That question was posed in a CNET News.com story last week, as well as in
other commentaries regarding a copyright lawsuit won by the RIAA. It's worth
revisiting why we, the Recording Industry Association of America, do what we
do and how we got to this place.
From the moment we announced in June 2003 that we would be gathering
evidence for the purpose of bringing lawsuits against end users, the program
has generated attention and debate. We welcome that national conversation.
This was never a step we wanted to take, and we recognized that it would
generate criticism in some quarters. It's tough love--for the first time,
despite years of educational efforts and the availability of plentiful legal
alternatives, we are holding people personally and financially accountable
for the theft of creative works.
But the backdrop was a community hemorrhaging jobs, careers and investment
in new music, amid a pervasive culture of looting in which there was little
understanding of the law or the negative consequences of breaking it.
What have our antipiracy efforts yielded? A legal marketplace that is far
better because of what we've done. The process of bringing lawsuits has
changed slightly since the program's inception, but one constant has been
the process of identifying people who are stealing music online.
When we target an infringer, we do not know who that person is or any
demographic information about the computer user.
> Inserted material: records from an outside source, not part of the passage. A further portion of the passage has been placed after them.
Lemma ksums_opp k x : ksums k x -> ksums k (- x).
Proof.
elim: k x => [|k IH] x /=; first by move=> ->; rewrite oppr0.
move=> [c [s [hc hs ->]]]; exists (- c), (- s); split.
- exact: pm_tail_opp.
- exact: IH.
- by rewrite opprD.
Qed.

Lemma ksums_add k k' x y : ksums k x -> ksums k' y -> ksums (k + k') (x + y).
Proof.
elim: k x => [|k IH] x /=; first by move=> ->; rewrite add0r.
move=> [c [s [hc hs ->]]] hy; exists c, (s + y); split=> //; last by rewrite addrA.
exact: IH.
Qed.

Lemma ksums_mono k k' x : (k <= k')%N -> ksums k x -> ksums k' x.
Proof.
move=> le hx; rewrite -(subnKC le) -[x]addr0; apply: ksums_add hx _; exact: ksums0.
Qed.

End SumSets.

Section SumsTopology.

Variables (G : zmodType) (a : nat -> G).

(* The group topology with neighbourhood base {x + sums_nbhd m : m} at x
   (Protasov-Zelenyuk). *)
Definition sums_open (O : G -> Prop) : Prop :=
  forall x, O x -> exists m, forall y, sums_nbhd a m y -> O (x + y).

Lemma sums_open_translate m x : sums_open (fun v => sums_nbhd a m (v - x)).
Proof.
move=> v [k hv]; exists (fun i => m (k + i)%N) => t [k' ht].
exists (k + k')%N; rewrite addrAC; apply: seg_sums_cat hv _.
by move: (seg_sums_shift ht); rewrite addn0.
Qed.

Lemma sums_open_group_topology : group_topology sums_open.
Proof.
split; first split.
- by move=> x _; exists (fun=> 0%N).
- move=> U V hU hV x [Ux Vx].
  have [m1 h1] := hU x Ux; have [m2 h2] := hV x Vx.
  exists (fun i => maxn (m1 i) (m2 i)) => y [k hy]; split.
  + by apply: h1; exists k; apply: seg_sums_mono hy => l; exact: leq_maxl.
  + by apply: h2; exists k; apply: seg_sums_mono hy => l; exact: leq_maxr.
- move=> F hF x [U FU Ux].
  have [m hm] := hF U FU x Ux.
  by exists m => y hy; exists U => //; exact: hm.
move=> x y O hO Oxy.
have [m hm] := hO _ Oxy.
pose me l := maxn (m l.*2) (m l.*2.+1).
exists (fun v => sums_nbhd a me (v - x)), (fun w => sums_nbhd a me (w - y)).
split; [exact: sums_open_translate | by exists 0%N; rewrite subrr |
        exact: sums_open_translate | by exists 0%N; rewrite subrr | ].
move=> v w [k hv] [k' hw].
have hv' : seg_sums a me 0 (k + k') (v - x) by exact: seg_sums_pad (leq_addr _ _) hv.
have hw' : seg_sums a me 0 (k + k') (- (w - y)).
  by apply: seg_sums_opp; exact: seg_sums_pad (leq_addl _ _) hw.
have := hm _ (ex_intro _ (k + k').*2 (seg_sums_interleave hv' hw')).
by rewrite opprB addrCA -[x - y + _]addrA addKr addrA addrNK.
Qed.

Lemma converges_sums_open : converges sums_open a 0.
Proof.
move=> U hU U0; have [m hm] := hU _ U0.
exists (m 0%N) => n hn; rewrite -[a n]add0r; apply: hm; exists 1%N.
exists (a n), 0; split=> //; last by rewrite addr0.
by right; exists n => //; left.
Qed.

End SumsTopology.

Section GroupTopology.

Variables (G : zmodType) (op : (G -> Prop) -> Prop).
Hypothesis gop : group_topology op.

Lemma open_setT : op (fun _ => True).
Proof. by case: gop => -[]. Qed.

Lemma open_setI U V : op U -> op V -> op (fun x => U x /\ V x).
Proof. by case: gop => -[_ + _] _; apply. Qed.

Lemma nbhd0_sub Y : op Y -> Y 0 ->
  exists P Q, [/\ op P, P 0, op Q, Q 0 & forall p q, P p -> Q q -> Y (p - q)].
Proof.
case: gop => _ hsub oY Y0; have := hsub 0 0 Y oY; rewrite subrr => /(_ Y0).
by move=> [P [Q [? ? ? ? ?]]]; exists P, Q.
Qed.

Lemma converges_subr u x : converges op u x -> converges op (fun n => u n - x) 0.
Proof.
case: gop => _ hsub hu U oU U0.
have := hsub x x U oU; rewrite subrr => /(_ U0) [V [W [oV Vx oW Wx h]]].
have [N hN] := hu _ oV Vx; exists N => n hn; apply: h => //; exact: hN.
Qed.

Variable a : nat -> G.
Hypothesis a_to0 : converges op a 0.

Lemma eventually_pm P : op P -> P 0 ->
  exists N, forall n, (N <= n)%N -> P (a n) /\ P (- a n).
Proof.
move=> oP P0.
have [P1 [Q1 [oP1 P10 oQ1 Q10 h]]] := nbhd0_sub oP P0.
have [N1 h1] := a_to0 oP P0; have [N2 h2] := a_to0 oQ1 Q10.
exists (maxn N1 N2) => n; rewrite geq_max => /andP [n1 n2]; split.
- exact: h1.
- by rewrite -sub0r; apply: h => //; exact: h2.
Qed.

Lemma nbhd_add_pm_tail Y : op Y -> Y 0 ->
  exists P N, [/\ op P, P 0 & forall q c, P q -> pm_tail a N c -> Y (q + c)].
Proof.
move=> oY Y0; have [P [Q [oP P0 oQ Q0 hPQ]]] := nbhd0_sub oY Y0.
have [N hN] := eventually_pm oQ Q0.
exists P, N; split=> // q c Pq [->|[n /hN [Qa Qna] [->|->]]].
- by rewrite addr0 -[q]subr0; exact: hPQ.
- by rewrite -[a n]opprK; exact: hPQ.
- exact: hPQ.
Qed.

(* Build Y_j inside V_j with Y_(j+1) + pm_tail (m j) inside Y_j. *)
Lemma seg_sums_within (V : nat -> G -> Prop) :
  (forall j, op (V j) /\ V j 0) ->
  exists m, forall j L t, seg_sums a m j L t -> V j t.
Proof.
move=> oV.
have : forall Y, exists p : (G -> Prop) * nat, op Y -> Y 0 ->
    [/\ op p.1, p.1 0 & forall q c, p.1 q -> pm_tail a p.2 c -> Y (q + c)].
  move=> Y; case: (classic (op Y /\ Y 0)) => [[oY Y0] | nY].
    by have [P [N hPN]] := nbhd_add_pm_tail oY Y0; exists (P, N).
  by exists (fun _ => True, 0%N) => oY Y0; case: nY.
move=> /choice [step hstep].
pose fix Y j := if j is j'.+1 then fun z => (step (Y j')).1 z /\ V j z else V 0%N.
have Yok : forall j, op (Y j) /\ Y j 0.
  elim=> [|j [oYj Yj0]]; first exact: oV.
  have [oS S0 _] := hstep _ oYj Yj0.
  by have [oVj Vj0] := oV j.+1; split; [exact: open_setI | split].
have YV : forall j z, Y j z -> V j z by case=> [|j] z //= [].
exists (fun j => (step (Y j)).2) => j L t ht; apply: YV.
elim: L j t ht => [|L IH] j t /=; first by move=> ->; exact: (Yok j).2.
move=> [c [s [hc /IH [hs _] ->]]]; rewrite addrC.
by have [oYj Yj0] := Yok j; have [_ _] := hstep _ oYj Yj0; apply.
Qed.

End GroupTopology.

Section KsumsClosed.

Variables (G : zmodType) (op : (G -> Prop) -> Prop) (a : nat -> G).
Hypotheses (gop : group_topology op) (hop : hausdorff op) (a_to0 : converges op a 0).

Definition apart (S : G -> Prop) (v : G) : Prop :=
  exists V, [/\ op V, V 0 & forall s w, S s -> V w -> v <> s - w].

Lemma apart_finite S (f : nat -> G) M : (forall n, (n < M)%N -> apart S (f n)) ->
  exists V, [/\ op V, V 0 & forall n s w, (n < M)%N -> S s -> V w -> f n <> s - w].
Proof.
elim: M => [|M IH] hf; first by exists (fun _ => True); split=> //; exact: open_setT.
have [VM [oVM VM0 hVM]] := IH (fun n lt => hf n (ltnW lt)).
have [W [oW W0 hW]] := hf M (ltnSn M).
exists (fun x => VM x /\ W x); split=> //; first exact: open_setI.
move=> n s w; rewrite ltnS leq_eqVlt => /orP [/eqP -> | lt] Ss [VMw Ww].
- exact: hW.
- exact: hVM.
Qed.

(* ksums k is compact in op, hence closed: its complement is open. *)
Lemma ksums_apart k v : ~ ksums a k v -> apart (ksums a k) v.
Proof.
elim: k v => [|k IH] v nS.
  have nv : - v <> 0 by move=> /eqP; rewrite oppr_eq0 => /eqP.
  have [U [V [oU oV Uv V0 dis]]] := hop nv.
  exists V; split=> // s w -> Vw ev; apply: (dis w); split=> //.
  by have -> : w = - v by rewrite ev sub0r opprK.
have nS_sub c : pm_tail a 0 c -> ~ ksums a k (v - c).
  by move=> hc h; apply: nS; exists c, (v - c); rewrite subrKC.
have nS_pm n : ~ ksums a k (v - a n) /\ ~ ksums a k (v + a n).
  split; first by apply: nS_sub; right; exists n => //; left.
  by rewrite -[a n]opprK; apply: nS_sub; right; exists n => //; right.
have [V0 [oV0 V00 hV0]] : apart (ksums a k) v.
  by apply: IH; rewrite -[v]subr0; apply: nS_sub; left.
have [P [N [oP P0 hP]]] := nbhd_add_pm_tail gop a_to0 oV0 V00.
have [Vm [oVm Vm0 hVm]] :=
  apart_finite (f := fun n => v - a n) (M := N) (fun n _ => IH _ (nS_pm n).1).
have [Vp [oVp Vp0 hVp]] :=
  apart_finite (f := fun n => v + a n) (M := N) (fun n _ => IH _ (nS_pm n).2).
exists (fun x => P x /\ Vm x /\ Vp x).
split=> //; first by do 2 apply: open_setI => //.
move=> s w [c [s' [hc hs' ->]]] [Pw [Vmw Vpw]].
rewrite -addrA => ev.
case: hc => [c0 | [n _ hcn]].
  apply: (hV0 s' w hs'); last by rewrite ev c0 add0r.
  by rewrite -[w]addr0; apply: hP => //; left.
case: (ltnP n N) => [lt | ge].
  case: hcn ev => -> ev.
  - by apply: (hVm n s' w lt hs' Vmw); rewrite /= ev [a n + _]addrC addrK.
  - by apply: (hVp n s' w lt hs' Vpw); rewrite /= ev [- a n + _]addrC subrK.
have hcN : pm_tail a N (- c) by apply: pm_tail_opp; right; exists n.
by apply: (hV0 s' (w - c) hs' (hP _ _ Pw hcN)); rewrite ev opprB addrCA.
Qed.

End KsumsClosed.

Lemma converges_tau_ksums (G : zmodType) (a : nat -> G) tau u x :
  T_sequence a -> is_tau a tau -> converges tau u x ->
  exists k N, forall n, (N <= n)%N -> ksums a k (u n - x).
Proof.
move=> [op [gop hop a_to0]] [gtau _ tau_max] /(converges_subr gtau) hv.
apply: NNPP => nK.
have : forall j, exists n, (j <= n)%N /\ ~ ksums a j (u n - x).
  move=> j; apply: NNPP => nj; apply: nK; exists j, j => n hn.
  by apply: NNPP => nS; apply: nj; exists n.
move=> /choice [g hg].
have : forall j, exists V, [/\ op V, V 0 &
    forall s w, ksums a j s -> V w -> u (g j) - x <> s - w].
  by move=> j; apply: ksums_apart => //; exact: (hg j).2.
move=> /choice [V hV].
have [m hm] : exists m, forall j L t, seg_sums a m j L t -> V j t.
  by apply: (seg_sums_within gop a_to0) => j; have [] := hV j.
have tau_m : tau (fun v => sums_nbhd a m (v - 0)).
  apply: (tau_max (sums_open a)); first exact: sums_open_group_topology.
  - exact: converges_sums_open.
  - exact: sums_open_translate.
have [N hN] := hv _ tau_m (ex_intro _ 0%N (subrr 0)).
have [leN nS] := hg N; have [K] := hN _ leN; rewrite subr0.
case: (leqP K N) => [le | /ltnW lt] hK.
  by apply: nS; apply: ksums_mono le _; exact: seg_sums_ksums hK.
move: hK; rewrite -(subnKC lt) => /seg_sums_split [s [t [hs ht ev]]].
have [_ _ hVN] := hV N.
apply: (hVN s (- t)); first exact: seg_sums_ksums hs.
- by apply: hm; apply: seg_sums_opp; exact: ht.
- by rewrite opprK ev.
Qed.

Section Ideals.

Variable G : zmodType.

Lemma S_ideal_group_ideal (op : (G -> Prop) -> Prop) : group_ideal (S_ideal op).
Proof.
split.
- by move=> A fA J [hfin _ _] _; exact: hfin.
- move=> A B hA BA J hJ hconv; have [_ hsub _] := hJ.
  exact: hsub (hA J hJ hconv) BA.
- move=> A B hA hB J hJ hconv; have [_ _ hdiff] := hJ.
  exact: hdiff (hA J hJ hconv) (hB J hJ hconv).
Qed.

Definition countable_set (A : G -> Prop) : Prop :=
  exists h : nat -> G, forall x, A x -> exists n, h n = x.

Lemma countable_set_ideal : group_ideal countable_set.
Proof.
split.
- move=> A [s hs]; exists (nth 0 s) => x Ax.
  by exists (index x s); apply: nth_index; exact: hs.
- by move=> A B [h hh] sub; exists h => x /sub /hh.
move=> A B [h hh] [h' hh'].
exists (fun n => if unpickle n is Some (i, j) then h i - h' j else 0).
move=> z [x [y [Ax By ->]]].
have [i <-] := hh _ Ax; have [j <-] := hh' _ By.
by exists (pickle (i, j)); rewrite pickleK.
Qed.

Lemma S_ideal_countable (op : (G -> Prop) -> Prop) A :
  S_ideal op A -> countable_set A.
Proof.
apply; first exact: countable_set_ideal.
move=> B [u [x [_ hB]]].
exists (fun n => if n is n'.+1 then u n' else x) => z /hB [-> | [n ->]].
- by exists 0%N.
- by exists n.+1.
Qed.

Lemma surj_countable (T : Type) (F : nat -> T) :
  (forall x, exists k, F k = x) -> countable_type T.
Proof. by move=> /choice [f hf]; exists f; exact: can_inj hf. Qed.

Lemma coarse_metrizable_countable (op : (G -> Prop) -> Prop) :
  coarse_metrizable (S_ideal op) -> countable_type G.
Proof.
move=> [B [entB baseB]].
have : forall n, exists h : nat -> G, forall g, B n g 0 -> exists k, h k = g.
  move=> n; have [A /S_ideal_countable [h hh] BA] := entB n.
  exists h => g /BA [c Ac ->]; rewrite addr0; exact: hh.
move=> /choice [H hH].
apply: (@surj_countable _ (fun k => if unpickle k is Some (n, j) then H n j else 0)) => g.
have [n hn] : exists n, forall x y, x = g + y -> B n x y.
  have [hfin _ _] := S_ideal_group_ideal op.
  apply: baseB; exists (fun z => z = g); last by move=> x y ->; exists g.
  by apply: hfin; exists [:: g] => z ->; exact: mem_head.
have [j hj] := hH n g (hn g 0 (esym (addr0 g))).
by exists (pickle (n, j)); rewrite pickleK.
Qed.

End Ideals.

Section KsumBalls.

Variables (G : zmodType) (a : nat -> G).

Definition ksum_ball (s : seq G) (n : nat) : G -> Prop :=
  fun y => exists2 x, x \in s & ksums a n (y - x).

Definition ksum_bounded (A : G -> Prop) : Prop :=
  exists s n, forall y, A y -> ksum_ball s n y.

Lemma ksum_ball_mono s s' n n' y : {subset s <= s'} -> (n <= n')%N ->
  ksum_ball s n y -> ksum_ball s' n' y.
Proof. by move=> ss' le [x xs hx]; exists x; [exact: ss' | exact: ksums_mono hx]. Qed.

Lemma ksum_bounded_ideal : group_ideal ksum_bounded.
Proof.
split.
- move=> A [s hs]; exists s, 0%N => y /hs ys.
  by exists y; rewrite // subrr.
- by move=> A B [s [n hA]] BA; exists s, n => y /BA /hA.
move=> A B [s [n hA]] [s' [n' hB]].
exists [seq x - x' | x <- s, x' <- s'], (n + n')%N.
move=> z [y [y' [/hA [x xs hx] /hB [x' xs' hx'] ->]]].
exists (x - x'); first exact: allpairs_f.
have -> : y - y' - (x - x') = (y - x) - (y' - x') by rewrite !opprD addrACA.
by apply: ksums_add hx _; exact: ksums_opp.
Qed.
We know the songs that are
being illegally "shared" (with millions of anonymous people) and the time
and date of that copyright violation, nothing more. We do not have the
ability to screen defendants based on their perceived sympathy or anything
else.
No doubt, if we selectively enforced our rights against those deemed less
sympathetic, the fringe copyright critics would call us arbitrary and
capricious. We target theft. Period.
What have our antipiracy efforts yielded? A legal marketplace that is far
better because of what we've done: Digital revenues doubled as a percentage
of the market in 2006, from 8 percent in 2005 to more than 16 percent. An
illegal marketplace which, prior to the initiation of our deterrence
program, experienced exponential illicit P2P use has now mostly
stabilized--the average number of households downloading music illegally on
a monthly basis was roughly 7 million in 2003 and is now 7.8 million.
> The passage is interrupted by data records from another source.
Lemma multiplicative_from_monomials (R S : comPzRingType) (m : option nat)
    (f : (nat -> R) -> nat -> S) :
  causal f ->
  (forall K F n, f (fun l => \sum_(i < K) F i l) n = \sum_(i < K) f (F i) n) ->
  (forall c d i j n, le_m m n ->
     f (ps_monomial (c * d) (i + j)) n =
     ps_mul (f (ps_monomial c i)) (f (ps_monomial d j)) n) ->
  forall a b, eq_upto m (f (ps_mul a b)) (ps_mul (f a) (f b)).
Proof.
move=> f_causal f_sum f_monomialM a b n in_n.
pose A l := \sum_(i < n.+1) ps_monomial (a i) i l.
pose B l := \sum_(j < n.+1) ps_monomial (b j) j l.
have eq_a l : (l <= n)%N -> a l = A l by exact: monomial_expansion.
have eq_b l : (l <= n)%N -> b l = B l by exact: monomial_expansion.
have -> : f (ps_mul a b) n = f (ps_mul A B) n.
  apply: f_causal => l le_ln; apply: eq_ps_mul => l' le_l'l.
    by apply: eq_a; apply: leq_trans le_ln.
  by apply: eq_b; apply: leq_trans le_ln.
have -> : ps_mul (f a) (f b) n = ps_mul (f A) (f B) n.
  by apply: eq_ps_mul => l le_ln; apply: f_causal => l' le_l'l;
    [apply: eq_a | apply: eq_b]; apply: leq_trans le_ln.
have -> : ps_mul A B = fun l => \sum_(i < n.+1) \sum_(j < n.+1)
                                  ps_monomial (a i * b j) (i + j) l.
  apply: funext => l; rewrite /A ps_mul_suml; apply: eq_bigr => i _.
  by rewrite /B ps_mul_sumr; apply: eq_bigr => j _; rewrite ps_mul_monomial.
have sumE (F : 'I_n.+1 -> nat -> R) :
    f (fun l => \sum_(i < n.+1) F i l) = fun l => \sum_(i < n.+1) f (F i) l.
  by apply: funext => l; apply: f_sum.
rewrite f_sum !sumE ps_mul_suml; apply: eq_bigr => i _.
by rewrite sumE ps_mul_sumr; apply: eq_bigr => j _; apply: f_monomialM.
Qed.
Lemma tperm_star_fixed :
  {in [set: T + edge e] :\ inl l2 :\ inr a2, forall z,
     tot_map sigma z \in [set: T + edge e] :\ inl l2 :\ inr a2 -> tot_map sigma z = z}.
Proof.
case=> [x | b]; rewrite !inE -!sum_eqE /= !andbT => z_D sz_D.
  by congr inl; move: z_D sz_D; case: tpermP => // ->; rewrite eqxx.
have [w wc val_b] := star_edgeP b.
have val_sb : val (edge_map sigma b) = [set c; sigma w].
  by rewrite edge_mapE ?tperm_star_aut // val_b imset_set2 tperm_star_center.
suff sw : sigma w = w by congr inr; apply: val_inj; rewrite val_sb val_b sw.
move: z_D sz_D; rewrite -!(inj_eq val_inj) val_sb val_b val_a2.
by case: tpermP => // ->; rewrite eqxx.
Qed.

Lemma theta_t_star_gt : #|T| + #|{: edge e}| - 2 < theta_t e.
Proof.
have [g g_inv card_g] := involution_invariant_coloring
  (tot_map_involutive tperm_star_aut (tpermK l1 l2)) tperm_star_fixed.
rewrite cardsTD2 // card_sum in card_g.
rewrite ltnNge; apply/negP => le_theta.
have /permP/(_ l1) := theta_gen_distinguishing (leq_trans le_theta card_g) tperm_star_aut g_inv.
by rewrite perm1 tpermL => /eqP; rewrite eq_sym (negbTE l12).
Qed.

End Star.

Lemma theta_t_star (T : finType) (e : rel T) :
  is_star e -> 2 < #|T| -> #|T| + #|{: edge e}| - 2 < theta_t e.
Proof.
case=> c star_e hT.
have [l1 l1c] : exists l1, l1 \notin [set c] by apply: exists_notin; rewrite cards1; lia.
have [l2 l2c1] : exists l2, l2 \notin [set c; l1].
  by apply: exists_notin; apply: leq_ltn_trans hT; rewrite cards2; case: (c != l1).
move: l1c l2c1; rewrite !inE negb_or => l1c /andP[l2c l21].
by apply: theta_t_star_gt star_e l1c l2c _; rewrite eq_sym.
Qed.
Compare that with the growth in broadband access to the Internet, which grew
from 38 million home users in 2003 to at least 80 million today.
Can there be any doubt that a whole lot more of those broadband subscribers
would be illegally downloading but for the lawsuits? Surveys confirm that
fact: People who have stopped illegal downloading cite the fear of being
sued as the first or second reason for changing their behavior. And, lastly,
there is a fundamentally different understanding of what you can and can't
do on the Internet--37 percent of those surveyed in 2003 thought it was
illegal to distribute music for free over the Internet; now that number has
grown to 73 percent.
Think about it. What would the online music world look like had we done
nothing? It's not a pretty picture: skyrocketing illegal peer-to-peer
downloading without even a second thought about its legality or morality,
and a small handful of legitimate businesses struggling to gain traction in
a marketplace overwhelmingly dominated by piracy.
Four years into this program, the first trial of our end-user lawsuits
finally happened. The fact that it took so long speaks to the clarity of the
law and the clarity of the courts' various rulings on our legal program.
Even the Supreme Court called illegal downloading "garden-variety theft."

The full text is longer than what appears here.